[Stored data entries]
= = = = =

Definition vsub (p q : pt) : pt := (fst p - fst q, snd p - snd q).
Definition vadd (p q : pt) : pt := (fst p + fst q, snd p + snd q).
Definition vscal (k : R) (p : pt) : pt := (k * fst p, k * snd p).

Definition cross (u v : pt) : R := fst u * snd v - snd u * fst v.

Definition tri_area (P Q R0 : pt) : R := Rabs (cross (vsub Q P) (vsub R0 P)) / 2.

(* intersection point of the lines P + t u and Q + r v (meaningful when
   cross u v <> 0, which is always assumed where it is used) *)
Definition line_inter (P u Q v : pt) : pt :=
  vadd P (vscal (cross (vsub Q P) v / cross u v) u).

Definition curve (x y : R -> R) (s : R) : pt := (x s, y s).
Definition tangent (x y : R -> R) (s : R) : pt := (Derive x s, Derive y s).

Definition in_I (a b : Rbar) (s : R) : Prop := Rbar_lt a s /\ Rbar_lt s b.

Definition C3_on (a b : Rbar) (f : R -> R) : Prop :=
  forall s, in_I a b s ->
    ex_derive_n f 1 s /\ ex_derive_n f 2 s /\ ex_derive_n f 3 s /\
    continuous (Derive_n f 3) s.

Definition arclength_on (a b : Rbar) (x y : R -> R) : Prop :=
  forall s, in_I a b s -> (Derive x s) ^ 2 + (Derive y s) ^ 2 = 1.

(* signed curvature w.r.t. the normal J X' = (-y', x') *)
Definition curvature (x y : R -> R) (s : R) : R :=
  Derive x s * Derive_n y 2 s - Derive y s * Derive_n x 2 s.

(* The normal sigma * (-y', x') points to the convex side iff
   sigma * cross(X'(s), X(t) - X(s)) >= 0 for all t; the curvature w.r.t.
   that normal is sigma * curvature. *)
Definition strictly_convex (a b : Rbar) (x y : R -> R) : Prop :=
  C3_on a b x /\ C3_on a b y /\
  (forall s t, in_I a b s -> in_I a b t -> curve x y s = curve x y t -> s = t) /\
  (forall s, in_I a b s ->
     exists sigma : R, (sigma = 1 \/ sigma = -1) /\
       (forall t, in_I a b t ->
          0 <= sigma * cross (tangent x y s) (vsub (curve x y t) (curve x y s))) /\
       0 < sigma * curvature x y s).

Definition T_area (x y : R -> R) (s h1 h2 : R) : R :=
  tri_area (curve x y s) (curve x y (s + h1)) (curve x y (s + h2)).

(* U(s,h1,h2) = |triangle B B1 B2|, B = l1 ∩ l2, B1 = l ∩ l1, B2 = l ∩ l2 *)
Definition U_area (x y : R -> R) (s h1 h2 : R) : R :=
  let A := curve x y s in let A1 := curve x y (s + h1) in
  let A2 := curve x y (s + h2) in
  let t := tangent x y s in let t1 := tangent x y (s + h1) in
  let t2 := tangent x y (s + h2) in
  tri_area (line_inter A1 t1 A2 t2) (line_inter A t A1 t1) (line_inter A t A2 t2).

(* A parabola: image of y = k x^2 (k <> 0) under a rigid motion,
   i.e. { O + t u + k t^2 v | t in R } with (u, v) orthonormal. *)
Definition is_parabola (P : pt -> Prop) : Prop :=
  exists (O u v : pt) (k : R),
    k <> 0 /\ fst u ^ 2 + snd u ^ 2 = 1 /\ fst v ^ 2 + snd v ^ 2 = 1 /\
    fst u * fst v + snd u * snd v = 0 /\
    forall p, P p <-> exists t : R, p = vadd O (vadd (vscal t u) (vscal (k * t ^ 2) v)).

From Stdlib Require Import Reals Lra Psatz.
From Coquelicot Require Import Coquelicot.
Open Scope R_scope.

(* Write X(s+h) = X(s) + h c(h) and X'(s+h) = X'(s) + h d(h), with c and d continuous at 0.
   Substituting the third vertex A2 = X(s+h2) into U = lambda T and letting h2 -> 0 leaves a
   relation between X(s) and X(s+h) alone; letting h -> 0 in it forces lambda = 1/2.
   In the frame at X(s) made of the tangent and the normal towards the convex side, the
   coordinates p(h), q(h) of X(s+h) then satisfy 2 kappa (p q' - q p')^2 = q'^2 q, whose first
   integral p/q -+ 2/sqrt(2 kappa q) is constant on each side of h = 0. Its limit at 0 shows
   that near X(s) the curve lies on the parabola kappa (p - C q)^2 = 2 q having third order
   contact with it. Two such parabolas at nearby parameters share five points of the curve and
   hence coincide, so their normalized equation is locally, hence globally, independent of s:
   the whole curve lies on one parabola. *)

(** * Limits at 0 *)

Definition near0 (P : R -> Prop) : Prop :=
  exists d, 0 < d /\ forall h, h <> 0 -> Rabs h < d -> P h.

Definition lim0 (f : R -> R) (l : R) : Prop :=
  forall eps, 0 < eps -> near0 (fun h => Rabs (f h - l) < eps).

Lemma near0_and P Q : near0 P -> near0 Q -> near0 (fun h => P h /\ Q h).
Proof.
  intros [d1 [Hd1 H1]] [d2 [Hd2 H2]]. exists (Rmin d1 d2). split; [now apply Rmin_pos|].
  intros h Hh0 Hh. pose proof (Rmin_l d1 d2); pose proof (Rmin_r d1 d2).
  split; [apply H1|apply H2]; auto; lra.
Qed.

Lemma near0_impl (P Q : R -> Prop) : near0 P -> (forall h, h <> 0 -> P h -> Q h) -> near0 Q.
Proof. intros [d [Hd H]] HPQ. exists d. split; auto. Qed.

Lemma near0_abs_lt e : 0 < e -> near0 (fun h => Rabs h < e).
Proof. intros He. exists e. split; auto. Qed.

Lemma ball_R_abs (x y e : R) : ball x e y <-> Rabs (y - x) < e.
Proof. reflexivity. Qed.

Lemma lim0_is_lim f l : lim0 f l <-> is_lim f 0 l.
Proof.
  rewrite <- is_lim_spec. split.
  - intros H eps. destruct (H eps (cond_pos eps)) as [d [Hd H1]].
    exists (mkposreal d Hd). intros h Hh Hh0. rewrite ball_R_abs, Rminus_0_r in Hh. now apply H1.
  - intros H eps Heps. destruct (H (mkposreal eps Heps)) as [d Hd].
    exists d. split; [apply cond_pos|]. intros h Hh0 Hh. apply Hd; auto.
    now rewrite ball_R_abs, Rminus_0_r.
Qed.

Lemma lim0_const c : lim0 (fun _ => c) c.
Proof.
  intros e He. exists 1. split; [lra|]. intros. rewrite Rminus_diag, Rabs_R0. lra.
Qed.

Lemma lim0_id : lim0 (fun h => h) 0.
Proof. intros e He. exists e. split; [lra|]. intros. now rewrite Rminus_0_r. Qed.

Lemma lim0_plus f g lf lg : lim0 f lf -> lim0 g lg -> lim0 (fun h => f h + g h) (lf + lg).
Proof. rewrite !lim0_is_lim. intros. now apply is_lim_plus'. Qed.

Lemma lim0_mult f g lf lg : lim0 f lf -> lim0 g lg -> lim0 (fun h => f h * g h) (lf * lg).
Proof. rewrite !lim0_is_lim. intros. now apply (is_lim_mult f g 0 lf lg). Qed.

Lemma lim0_opp f l : lim0 f l -> lim0 (fun h => - f h) (- l).
Proof. rewrite !lim0_is_lim. intros. now apply (is_lim_opp f 0 l). Qed.

Lemma lim0_minus f g lf lg : lim0 f lf -> lim0 g lg -> lim0 (fun h => f h - g h) (lf - lg).
Proof. intros. apply lim0_plus; auto. now apply lim0_opp. Qed.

= = = = =

What the task asks = Your answer must consist solely of the lines from the top of the entries above through the line containing "Definition strictly_convex (a", copied exactly, both ends included.

Your solution =
Definition vsub (p q : pt) : pt := (fst p - fst q, snd p - snd q).
Definition vadd (p q : pt) : pt := (fst p + fst q, snd p + snd q).
Definition vscal (k : R) (p : pt) : pt := (k * fst p, k * snd p).

Definition cross (u v : pt) : R := fst u * snd v - snd u * fst v.

Definition tri_area (P Q R0 : pt) : R := Rabs (cross (vsub Q P) (vsub R0 P)) / 2.

(* intersection point of the lines P + t u and Q + r v (meaningful when
   cross u v <> 0, which is always assumed where it is used) *)
Definition line_inter (P u Q v : pt) : pt :=
  vadd P (vscal (cross (vsub Q P) v / cross u v) u).

Definition curve (x y : R -> R) (s : R) : pt := (x s, y s).
Definition tangent (x y : R -> R) (s : R) : pt := (Derive x s, Derive y s).

Definition in_I (a b : Rbar) (s : R) : Prop := Rbar_lt a s /\ Rbar_lt s b.

Definition C3_on (a b : Rbar) (f : R -> R) : Prop :=
  forall s, in_I a b s ->
    ex_derive_n f 1 s /\ ex_derive_n f 2 s /\ ex_derive_n f 3 s /\
    continuous (Derive_n f 3) s.

Definition arclength_on (a b : Rbar) (x y : R -> R) : Prop :=
  forall s, in_I a b s -> (Derive x s) ^ 2 + (Derive y s) ^ 2 = 1.

(* signed curvature w.r.t. the normal J X' = (-y', x') *)
Definition curvature (x y : R -> R) (s : R) : R :=
  Derive x s * Derive_n y 2 s - Derive y s * Derive_n x 2 s.

(* The normal sigma * (-y', x') points to the convex side iff
   sigma * cross(X'(s), X(t) - X(s)) >= 0 for all t; the curvature w.r.t.
   that normal is sigma * curvature. *)
Definition strictly_convex (a b : Rbar) (x y : R -> R) : Prop :=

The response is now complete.